Modulation of the dendritic spike propagation. a, Reconstruction of a filled L5 pyramidal neuron stained with biocytin, illustrating electrode placement. b, A dendritic spike changed to BAC firing. b1, An EPSP-like current of 2 nA (rising τ = 2 ms, declining τ = 10 ms) was injected through the gray pipette (800 μm) into a dendrite of one of the optimized models (Table 1, cell 5). The simulated voltage response showed the shape of an EPSP at the soma (black trace) and at the apical dendrite (300 μm, blue trace; 600 μm, red trace). b2, A small depolarizing current at the proximal dendrite (300 μm, blue electrode) was injected (0.2 nA, 50 ms, onset 30 ms before the EPSP-like current). The dendritic spike converted to a Ca²⁺ spike at the distal dendrite (red trace). c, A dendritic AP changed to a dendritic spike. c1, An EPSP-like current injection of 3 nA (rising τ = 2 ms, declining τ = 10 ms) through the gray pipette (800 μm, bottom) generated a dendritic potential at the distal apical dendrite (red trace) that propagated to the soma (black trace). c2, Hyperpolarizing current (−0.4 nA, 50 ms, onset 30 ms before the EPSP-like current) was injected into the proximal dendrite (300 μm, blue electrode).
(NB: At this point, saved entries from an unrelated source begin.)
Lemma eqmod_trans x y z : eqmod x y -> eqmod y z -> eqmod x z.
Proof. unfold eqmod; intros h1 h2. rewrite (vsub_split x y z). apply (idealD _ HI); auto. Qed.

Add Parametric Relation : (car U) eqmod
  reflexivity proved by eqmod_refl
  symmetry proved by eqmod_sym
  transitivity proved by eqmod_trans
  as eqmod_rel.

Add Parametric Morphism : (@vadd U) with signature eqmod ==> eqmod ==> eqmod as vadd_eqmod.
Proof.
  intros x x' h y y' h'. unfold eqmod in *.
  rewrite voppD, vaddACA. apply (idealD _ HI); auto.
Qed.

Add Parametric Morphism : (@vmul U) with signature eqmod ==> eqmod ==> eqmod as vmul_eqmod.
Proof.
  intros x x' h y y' h'. unfold eqmod in *.
  rewrite (vsub_split (vmul x y) (vmul x' y) (vmul x' y')).
  rewrite <- vmulNr, <- vmulDl, <- vmulrN, <- vmulDr.
  apply (idealD _ HI); [apply (idealMr _ HI) | apply (idealMl _ HI)]; auto.
Qed.

Add Parametric Morphism r : (@lsc U (Qreal r)) with signature eqmod ==> eqmod as lsc_eqmod.
Proof.
  intros x x' h. unfold eqmod in *. rewrite <- lscN, <- lsc_addv.
  apply ideal_lsc_real; auto.
Qed.

Add Parametric Morphism : (@vopp U) with signature eqmod ==> eqmod as vopp_eqmod.
Proof. intros x x' h. unfold eqmod in *. rewrite <- voppD. apply idealN; auto. Qed.

Lemma eqmod0 x : I x -> eqmod x vzero.
Proof. unfold eqmod; rewrite vopp0, vadd0; auto. Qed.

Lemma eqmodP x y : eqmod x y -> exists k, I k /\ x = vadd y k.
Proof. intro h. exists (vadd x (vopp y)). split; auto. rewrite vaddC, vaddNK; auto. Qed.

(* Modulo [I], every monomial of [quad a * quad b] containing [ab] vanishes,
   leaving [n (a^2 + b^2 - s (a + b) + n)], and [n (a + b)^2 = n (a^2 + b^2)]
   since [ab + ba] lies in [I]. *)
Lemma quad_mul_eqmod s n a b :
  I (vmul a b) -> I (vmul b a) ->
  exists k, I k /\ vmul (quad s n a) (quad s n b) = vadd (lsc (Qreal n) (quad s n (vadd a b))) k.
Proof.
  intros hab hba. apply eqmodP.
  assert (e1 : eqmod (vmul a b) vzero) by (apply eqmod0; auto).
  assert (e2 : eqmod (vmul b a) vzero) by (apply eqmod0; auto).
  assert (e3 : eqmod (vmul a (vmul b b)) vzero)
    by (apply eqmod0; rewrite vmulA; apply (idealMr _ HI); auto).
  unfold quad.
  rewrite !vmulDl, !vmulDr, !vmulNr, !vmulrN, <- !lsc_vmul, !vmul_lsc_real, !vmul1l, !vmul1r.
  rewrite <- !vmulA, e1, e2, e3.
  rewrite ?vmulr0, ?vmul0r, ?lsc_v0, ?vopp0, ?vadd0, ?vadd0l.
  rewrite <- !lsc_realM, (Rmult_comm s n).
  rewrite !lsc_addv, !lscN, !lsc_realM, !lsc_addv, !voppD, vaddA.
  rewrite (vaddACA (lsc (Qreal n) (vmul a a))).
  reflexivity.
Qed.

End Congruence.

Section Homomorphism.
Context {V W : QBA} (A : car V -> car W).
Hypothesis hA : is_hom V W A.
Implicit Types x y k t u : car V.

Lemma hom_add x y : A (vadd x y) = vadd (A x) (A y).
Proof. apply hA. Qed.

Lemma hom_mul x y : A (vmul x y) = vmul (A x) (A y).
Proof. apply hA. Qed.

Lemma hom_lsc q x : A (lsc q x) = lsc q (A x).
Proof. apply hA. Qed.

Lemma hom_one : A vone = vone.
Proof. apply hA. Qed.

Lemma hom_zero : A vzero = vzero.
Proof. apply vadd_idem. rewrite <- hom_add, vadd0; auto. Qed.

Lemma Fredholm_invertible u : invertible u -> Fredholm A u.
Proof. intros [u' [h1 h2]]. exists (A u'). rewrite <- !hom_mul, h1, h2, hom_one; auto. Qed.

Lemma FredholmM x y : Fredholm A x -> Fredholm A y -> Fredholm A (vmul x y).
Proof. unfold Fredholm; rewrite hom_mul; apply invertibleM. Qed.

Lemma Fredholm_of_mulC x y :
  Fredholm A (vmul x y) -> Fredholm A (vmul y x) -> Fredholm A x.
Proof. unfold Fredholm; rewrite !hom_mul; apply invertible_of_mulC. Qed.

Lemma Fredholm_lsc_real r x : r <> 0 -> Fredholm A (lsc (Qreal r) x) <-> Fredholm A x.
Proof.
  unfold Fredholm; rewrite hom_lsc. intro hr. split; intro h.
  - rewrite <- (lsc_realK r (A x) hr). apply invertible_lsc_real; auto.
    apply Rinv_neq_0_compat; exact hr.
  - apply invertible_lsc_real; auto.
Qed.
The hyperpolarizing current caused the dendritic AP to convert to a dendritic spike (red trace).

Figure 13.

Simulated NMDA spikes within and between dendrite branches. a, Reconstruction of a layer 5 pyramidal neuron stained with biocytin, illustrating electrode placement. b, A NMDA-like spike was evoked through two distal pipettes (green and orange) after inserting NMDA and AMPA synapses (Larkum et al., 2009) into one of the optimized models (Table 1, cell 5). Left, Integration within branches. First, the distal pipettes (green and orange) were activated separately (black traces) and then simultaneously (red traces). The EPSPs were simulated 150 μm below the orange pipette. The blue trace represents the summation of the two individual activations. The summation is shown for weak, medium, and strong stimuli. The distance between the two pipettes at the same branch was 26 μm. Right, Integration between branches. First, the distal pipettes (gray and orange) were activated separately (black traces) and then simultaneously (red traces). The EPSPs were simulated 150 μm below the orange pipette. The summation is shown for weak, medium, and strong stimuli. c, Expected versus actual simulated EPSP intervals are plotted for a range of stimulus intensities for summation within the branch (red line) and between branches (blue line).